# WHAT TO WORK ON
The result should be every line of the listing that contains "Hload".

# EXERCISE DATA
-*-

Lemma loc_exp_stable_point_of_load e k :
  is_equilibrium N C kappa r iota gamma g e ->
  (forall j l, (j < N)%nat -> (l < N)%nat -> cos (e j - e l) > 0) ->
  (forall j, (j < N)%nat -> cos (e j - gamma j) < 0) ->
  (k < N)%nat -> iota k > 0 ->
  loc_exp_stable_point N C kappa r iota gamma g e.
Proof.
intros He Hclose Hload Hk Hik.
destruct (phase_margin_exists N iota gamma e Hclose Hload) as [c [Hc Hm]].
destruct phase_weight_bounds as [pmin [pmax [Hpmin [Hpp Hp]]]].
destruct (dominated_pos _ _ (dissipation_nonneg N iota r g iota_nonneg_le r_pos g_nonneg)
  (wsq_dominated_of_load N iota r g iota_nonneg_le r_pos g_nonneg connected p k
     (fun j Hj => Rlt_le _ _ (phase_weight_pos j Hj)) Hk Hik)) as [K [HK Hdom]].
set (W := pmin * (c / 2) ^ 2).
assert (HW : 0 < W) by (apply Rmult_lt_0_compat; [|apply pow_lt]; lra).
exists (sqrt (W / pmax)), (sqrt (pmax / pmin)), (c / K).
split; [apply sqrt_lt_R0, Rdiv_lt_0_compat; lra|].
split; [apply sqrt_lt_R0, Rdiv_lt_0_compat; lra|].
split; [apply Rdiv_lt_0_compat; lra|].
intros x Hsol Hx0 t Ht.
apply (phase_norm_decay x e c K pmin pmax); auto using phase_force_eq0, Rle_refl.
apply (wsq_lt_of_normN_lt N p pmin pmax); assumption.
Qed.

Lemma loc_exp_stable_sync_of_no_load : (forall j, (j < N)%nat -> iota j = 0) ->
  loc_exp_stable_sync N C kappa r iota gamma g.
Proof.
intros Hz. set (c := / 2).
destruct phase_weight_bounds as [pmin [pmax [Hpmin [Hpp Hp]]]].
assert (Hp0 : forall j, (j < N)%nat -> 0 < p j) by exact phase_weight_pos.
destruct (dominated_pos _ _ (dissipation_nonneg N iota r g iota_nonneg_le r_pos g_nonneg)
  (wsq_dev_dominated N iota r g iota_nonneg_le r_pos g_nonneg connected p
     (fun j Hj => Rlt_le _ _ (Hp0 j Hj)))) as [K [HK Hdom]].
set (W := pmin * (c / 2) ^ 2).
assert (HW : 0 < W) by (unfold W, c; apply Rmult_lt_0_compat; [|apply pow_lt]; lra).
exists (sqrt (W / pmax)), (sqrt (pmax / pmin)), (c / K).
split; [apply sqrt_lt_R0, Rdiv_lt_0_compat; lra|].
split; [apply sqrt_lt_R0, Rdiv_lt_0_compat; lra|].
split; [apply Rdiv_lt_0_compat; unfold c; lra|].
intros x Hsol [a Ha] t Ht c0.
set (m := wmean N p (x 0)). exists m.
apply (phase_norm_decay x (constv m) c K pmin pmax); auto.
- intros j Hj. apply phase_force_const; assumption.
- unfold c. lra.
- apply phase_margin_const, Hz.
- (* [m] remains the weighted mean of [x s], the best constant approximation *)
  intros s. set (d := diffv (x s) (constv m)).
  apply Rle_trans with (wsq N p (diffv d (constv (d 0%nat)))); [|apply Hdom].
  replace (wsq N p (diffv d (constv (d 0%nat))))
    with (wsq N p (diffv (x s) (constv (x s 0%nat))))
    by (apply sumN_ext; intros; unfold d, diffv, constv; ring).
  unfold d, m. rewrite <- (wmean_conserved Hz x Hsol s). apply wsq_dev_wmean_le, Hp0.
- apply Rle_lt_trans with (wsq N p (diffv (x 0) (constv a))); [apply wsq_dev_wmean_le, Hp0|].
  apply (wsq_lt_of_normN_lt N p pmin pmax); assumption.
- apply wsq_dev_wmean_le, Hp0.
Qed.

-*-

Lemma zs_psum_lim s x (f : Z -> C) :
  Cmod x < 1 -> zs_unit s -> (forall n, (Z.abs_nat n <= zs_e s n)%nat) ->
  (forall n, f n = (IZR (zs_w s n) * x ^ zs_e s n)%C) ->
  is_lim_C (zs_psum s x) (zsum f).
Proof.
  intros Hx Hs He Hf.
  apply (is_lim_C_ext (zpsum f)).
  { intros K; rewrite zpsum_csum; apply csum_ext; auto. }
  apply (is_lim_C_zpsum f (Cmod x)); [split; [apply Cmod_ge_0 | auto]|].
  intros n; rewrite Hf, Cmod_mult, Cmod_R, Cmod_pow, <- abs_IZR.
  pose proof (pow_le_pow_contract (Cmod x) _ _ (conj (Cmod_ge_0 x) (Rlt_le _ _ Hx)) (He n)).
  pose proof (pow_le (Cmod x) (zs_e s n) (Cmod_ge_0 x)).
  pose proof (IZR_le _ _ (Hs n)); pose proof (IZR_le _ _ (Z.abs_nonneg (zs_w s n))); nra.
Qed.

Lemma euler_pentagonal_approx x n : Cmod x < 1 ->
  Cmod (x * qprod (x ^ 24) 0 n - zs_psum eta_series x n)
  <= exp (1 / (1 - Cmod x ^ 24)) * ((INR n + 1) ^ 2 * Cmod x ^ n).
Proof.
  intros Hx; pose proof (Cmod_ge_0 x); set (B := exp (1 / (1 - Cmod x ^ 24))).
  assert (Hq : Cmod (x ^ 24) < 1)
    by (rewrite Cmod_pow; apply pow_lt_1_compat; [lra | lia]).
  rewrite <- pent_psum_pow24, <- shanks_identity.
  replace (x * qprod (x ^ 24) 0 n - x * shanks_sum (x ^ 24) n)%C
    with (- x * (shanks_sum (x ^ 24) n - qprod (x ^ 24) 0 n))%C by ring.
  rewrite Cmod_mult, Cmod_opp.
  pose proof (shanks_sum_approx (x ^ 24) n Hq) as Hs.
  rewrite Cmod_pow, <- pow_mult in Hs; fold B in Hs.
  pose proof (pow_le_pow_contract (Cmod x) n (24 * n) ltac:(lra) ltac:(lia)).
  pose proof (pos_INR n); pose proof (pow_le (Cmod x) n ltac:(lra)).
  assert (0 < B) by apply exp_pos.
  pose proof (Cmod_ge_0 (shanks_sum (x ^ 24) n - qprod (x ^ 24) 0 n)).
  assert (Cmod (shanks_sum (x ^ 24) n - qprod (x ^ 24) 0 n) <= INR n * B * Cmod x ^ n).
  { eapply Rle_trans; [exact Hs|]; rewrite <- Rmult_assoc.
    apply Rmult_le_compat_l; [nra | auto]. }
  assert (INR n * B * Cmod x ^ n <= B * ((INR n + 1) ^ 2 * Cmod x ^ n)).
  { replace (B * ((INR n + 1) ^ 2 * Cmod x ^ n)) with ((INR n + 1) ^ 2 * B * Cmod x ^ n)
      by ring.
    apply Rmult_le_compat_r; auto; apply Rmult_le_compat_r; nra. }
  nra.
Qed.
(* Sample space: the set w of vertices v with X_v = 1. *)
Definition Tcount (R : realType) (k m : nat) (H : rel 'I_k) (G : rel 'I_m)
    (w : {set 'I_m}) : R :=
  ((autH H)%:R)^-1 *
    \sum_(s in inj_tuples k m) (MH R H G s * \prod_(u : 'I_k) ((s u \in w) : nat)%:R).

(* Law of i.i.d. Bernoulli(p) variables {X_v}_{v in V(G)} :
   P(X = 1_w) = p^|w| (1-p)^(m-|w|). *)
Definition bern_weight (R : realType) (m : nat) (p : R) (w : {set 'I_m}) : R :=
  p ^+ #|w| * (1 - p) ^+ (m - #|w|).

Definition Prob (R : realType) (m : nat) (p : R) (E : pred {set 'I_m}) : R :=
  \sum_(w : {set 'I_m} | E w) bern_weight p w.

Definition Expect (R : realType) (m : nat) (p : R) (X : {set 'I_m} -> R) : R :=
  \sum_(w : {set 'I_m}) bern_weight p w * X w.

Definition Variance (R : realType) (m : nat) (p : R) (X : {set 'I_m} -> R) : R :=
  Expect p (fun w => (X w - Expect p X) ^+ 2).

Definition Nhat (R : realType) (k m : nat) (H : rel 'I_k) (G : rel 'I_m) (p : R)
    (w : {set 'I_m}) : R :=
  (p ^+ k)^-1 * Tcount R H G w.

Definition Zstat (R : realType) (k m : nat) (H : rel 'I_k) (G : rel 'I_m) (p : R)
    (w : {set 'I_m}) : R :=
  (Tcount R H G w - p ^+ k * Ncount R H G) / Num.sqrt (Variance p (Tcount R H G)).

-*-

# EXERCISE SOLUTION
intros He Hclose Hload Hk Hik.
destruct (phase_margin_exists N iota gamma e Hclose Hload) as [c [Hc Hm]].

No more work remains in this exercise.